"Se um homem não fez isso, deixe uma mulher fazer”, diz María de Jesús Tlatempa, mãe de um dos 43 estudantes de Ayotzinapa desaparecidos há uma década e que promete manter suas exigências à próxima presidente do México, Claudia Sheinbaum, para que seu governo encontre ou identifique os corpos.   

Junto de outros familiares, María de Jesús se prepara para iniciar, nesta quarta-feira (18), mobilizações na faculdade de professores de Ayotzinapa, no estado de Guerrero (sul), em prol do desaparecimento dos jovens que completa 10 anos no dia 26 de setembro na Cidade do México.

Apenas cinco dias depois, a esquerdista Claudia Sheibaum assumirá como a primeira presidente mulher na história do México, assumindo o lugar de Andrés Manuel López Obrador

"Vamos seguit lutanto até encontrar a verdade e a justiça", disse María de Jesús, mãe de José Eduardo Bartolo Tlatempa, desaparecido aos 19 anos.

- "A gota d'água" -

A mulher lamenta a negativa do Exército de entregar todos os documentos sobre o desaparecimento dos jovens na noite entre 26 e 27 de setembro de 2014.

"Sabemos o que o Exército sabe. Eles sabem onde estão nossos filhos", diz María. Os pais exigem a entrega dos 800 arquivos.

O governo de López Obrador reconheceu a responsabilidade de militares, inclusive, houve algumas detenções e autorizou a abertura de alguns arquivos.

Durante a presidência de Enrique Peña Nieto (2012-2018), foi negada qualquer participação dos militares e foi defendida a denominada "verdade histórica" segundo a qual os jovens foram detidos por policiais locais de Iguala, em conluio com criminosos e entregues ao cartel Guerreros Unidos.

Os estudantes, segundo essa versão, foram assassinados, seus corpos incinerados e suas cinzas jogadas em um rio. Foram encontrados apenas restos mortais de três.

"Avançamos na investigação para encontrar os jovens de Ayotzinapa. Esta é uma pendência", disse o presidente dias atrás.

Os pais insistiram perante Sheinbaum no reconhecimento do paradeiro de seus filhos. "Esperamos que ela se comprometa e cumpra com o decreto presidencial estabelecido por López Obrador para esclarecer o caso Ayotzinapa", disse María. O presidente cessante criou por decreto em 2021 uma “Comissão de Acesso à Verdade”.

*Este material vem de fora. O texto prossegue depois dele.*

Lemma graph_family_certificate r c j : c + r <= n ->
  certificate r c j (graph_family r c j).
Proof.
move=> crn; split=> [C /mapP[f _ ->] z /imsetP[k _ ->] | g Z Hg HZ grcj].
  by rewrite col_cell; have := ltn_ord k; lia.
have row (k : 'I_r.+1) : exists y : 'I_r.+1, cell (c + k) (j + y) \in Z.
  have [y /andP[jy yj] gy] := Hg _ _ _ grcj r k (leqnn r) (ltn_ord k).
  have yr : y - j < r.+1 by lia.
  by exists (Ordinal yr); rewrite /= subnKC //; apply: HZ; rewrite subnn in gy.
pose f := [ffun k : 'I_r.+1 => odflt ord0 [pick y : 'I_r.+1 | cell (c + k) (j + y) \in Z]].
exists [set cell (c + k) (j + f k) | k : 'I_r.+1]; first by rewrite map_f ?mem_enum.
apply/fintype.subsetP => z /imsetP[k _ ->]; rewrite ffunE.
by case: pickP => [// | none]; have [y] := row k; rewrite none.
Qed.

Lemma weight_graph_family (q : R) r c j : c + r <= n ->
  weight q (graph_family r c j) = ((r.+1 ^ r.+1)%:R * q ^+ r.+1)%R.
Proof.
move=> crn; rewrite /weight big_map big_enum /=.
rewrite (eq_bigr (fun _ => q ^+ r.+1)%R) ?sumr_const ?card_ffun ?card_ord ?mulr_natl //.
move=> f _; rewrite card_imset ?card_ord // => k1 k2 /(congr1 col).
rewrite !col_cell; try by [have := ltn_ord k1; lia | have := ltn_ord k2; lia].
by move/addnI/ord_inj.
Qed.

Lemma in_columns_range_family F j s lo hi : (forall y, in_columns (F y) lo hi) ->
  in_columns (range_family F j s) lo hi.
Proof. by move=> HF C /flatten_mapP[y _]; apply: HF. Qed.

Ayotizinapa é o caso mais emblemático da "tagédia humana", como chama a ONU, das 100 mil pessoas desaparecidas contadas no México.

"Nossos filhos são a gota d'água", acrescenta a mulher. “As pessoas começaram a se aproximar de nós e nos disseram que também tinham uma pessoa desaparecida, uma filha ou um filho”, explica ela. 

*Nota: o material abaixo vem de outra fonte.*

(* Let $A$ be a finite alphabet and let $\mathbf{w},\mathbf{w}'$ be infinite LSP words over $A$ such that $\mathbf{w}=f(\mathbf{w}')$ for a bLSP morphism $f$ on $A$. Let $q$ be the state $({\rm alph}(\mathbf{w}),f,F(\mathbf{w}))$ and let $q'$ be a state $({\rm alph}(\mathbf{w}'),g,F(\mathbf{w}'))$ where $g$ is any bLSP morphism on $A$ such that $\mathbf{w}'=g(\mathbf{w}'')$ for some infinite word $\mathbf{w}''$, and where $F(\mathbf{x})$ denotes the set of all 5-tuples $(a,b,c,\beta,\gamma)$ such that $\mathbf{x}$ has an $(a,b,c,\beta,\gamma)$-fragility. Then $(q,f,q')$ is a transition of the automaton ${\cal A}_{\rm bLSP}$.
   Context: A finite word $u$ is a left special factor of a word $w$ if there are distinct letters $x\neq y$ with $xu$ and $yu$ factors of $w$. A word is LSP if every left special factor of it is a prefix of it. A bLSP morphism on $A$ is an endomorphism $f$ of $A^*$ such that there is a letter $\alpha$ with $f(\alpha)=\alpha$ and, for every letter $\beta\neq\alpha$, there is a letter $\gamma$ with $f(\beta)=f(\gamma)\beta$; this $\alpha$ is unique and denoted ${\rm first}(f)$. For pairwise distinct letters $a,b,c$ and distinct letters $\beta\neq\gamma$, a finite word $u$ is an $(a,b,c,\beta,\gamma)$-fragility of an infinite word $\mathbf{x}$ if $ua$ is a prefix of $\mathbf{x}$ and $\beta ub$, $\gamma uc$ are factors of $\mathbf{x}$; $\mathbf{x}$ is $(a,b,c)$-fragile if it has an $(a,b,c,\beta,\gamma)$-fragility for some $\beta\neq\gamma$. A morphism $f$ is LSP $(a,b,c)$-breaking if for every $(a,b,c)$-fragile infinite LSP word $\mathbf{x}$, $f(\mathbf{x})$ is not LSP. ${\rm Fact}(X)$ is the set of factors of words in $X$, ${\rm pref}(w)$ the set of prefixes of $w$, ${\rm alph}(w)$ the set of letters of $w$. The automaton ${\cal A}_{\rm bLSP}$: states are triples $q=({\rm alph}(q),{\rm bLSP}(q),{\rm set}(q))$ with ${\rm alph}(q)\subseteq A$, ${\rm bLSP}(q)$ a bLSP morphism on $A$, ${\rm set}(q)\subseteq A^5$; input letters are bLSP morphisms on $A$. A triple $(q,f,q')$ is a transition iff: (1) $f={\rm bLSP}(q)$; (2) ${\rm alph}(q)={\rm alph}(f({\rm alph}(q')))$; (3) for every $(a,b,c,\beta,\gamma)\in{\rm set}(q')$, $f$ is not LSP $(a,b,c)$-breaking; (4) ${\rm set}(q)$ is exactly the set of 5-tuples $(a,b,c,\beta,\gamma)$ of letters of ${\rm alph}(q)$ with $a,b,c$ pairwise distinct, $\beta\neq\gamma$, and such that either (a) $a={\rm first}(f)$ and $\beta b,\gamma c\in{\rm Fact}(f({\rm alph}(q')))$, or (b) there exist letters $a',b',c'$ with $(a',b',c',\beta,\gamma)\in{\rm set}(q')$ and a word $x$ with $xa\in{\rm pref}(f(a')\alpha)$, $xb\in{\rm pref}(f(b')\alpha)$, $xc\in{\rm pref}(f(c')\alpha)$, where $\alpha={\rm first}(f)$. *)

(* finite alphabet = finType, finite words = seq A,
   infinite words = nat -> A, morphisms of A^* = A -> seq A. *)
From mathcomp Require Import all_boot.
Set Implicit Arguments. Unset Strict Implicit. Unset Printing Implicit Defensive.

A tragédia atinge familiares de origem pobre, sem recursos para matricular seus filhos em universidades ou escolas particulares.

"Meu filho queria estudar engenharia. Mas, como eu tinha câncer, falei (...) 'escolha uma faculdade que você possa terminar seus estudos, onde você possa se manter'", acrescentou a mulher.

- “Ninho de guerrilheiros -

Localizada na comunidade rural de Ayotzinapa, essa e outras faculdades públicas de formação de professores foram consideradas um “ninho de guerrilheiros” e “ativistas”, explica Manuel Vázquez Arellano, um dos sobreviventes, que adotou o nome de Omar García.

Estanislao Mendoza reivindica o paradeiro de seu filho Miguel Angel, que aos 33 anos de idade foi recebido na faculdade de formação de professores de Ayotzinapa. "Ele queria ser professor depois de trabalhar anos como cabeleireiro", explica ele.

Há uma década, este fazendeiro acabou entrando para o ativismo. "Nunca havíamos falado para o público (...). Jamais imaginei que algum dia poderia ir ao palácio do governo", disse Mendoza.

Ele reconhece avanços na atual presidência, como a anulação da “verdade histórica” e a detenção de alguns militares. “Agora mesmo eles os libertaram. Mas não nos dizem onde estão nossos filhos”, lamenta.

Ele admite que nas eleições de junho passado votou no Morena, o partido de esquerda nacionalista de López Obrador e Sheinbaum. "Se viesse outro partido, estaríamos pior do que já estamos", explica.

Os parentes dos 43 desaparecidos asseguram que se manterão unidos. "A união faz a força. Tentaram nos separar, desde o início", declara María de Jesús.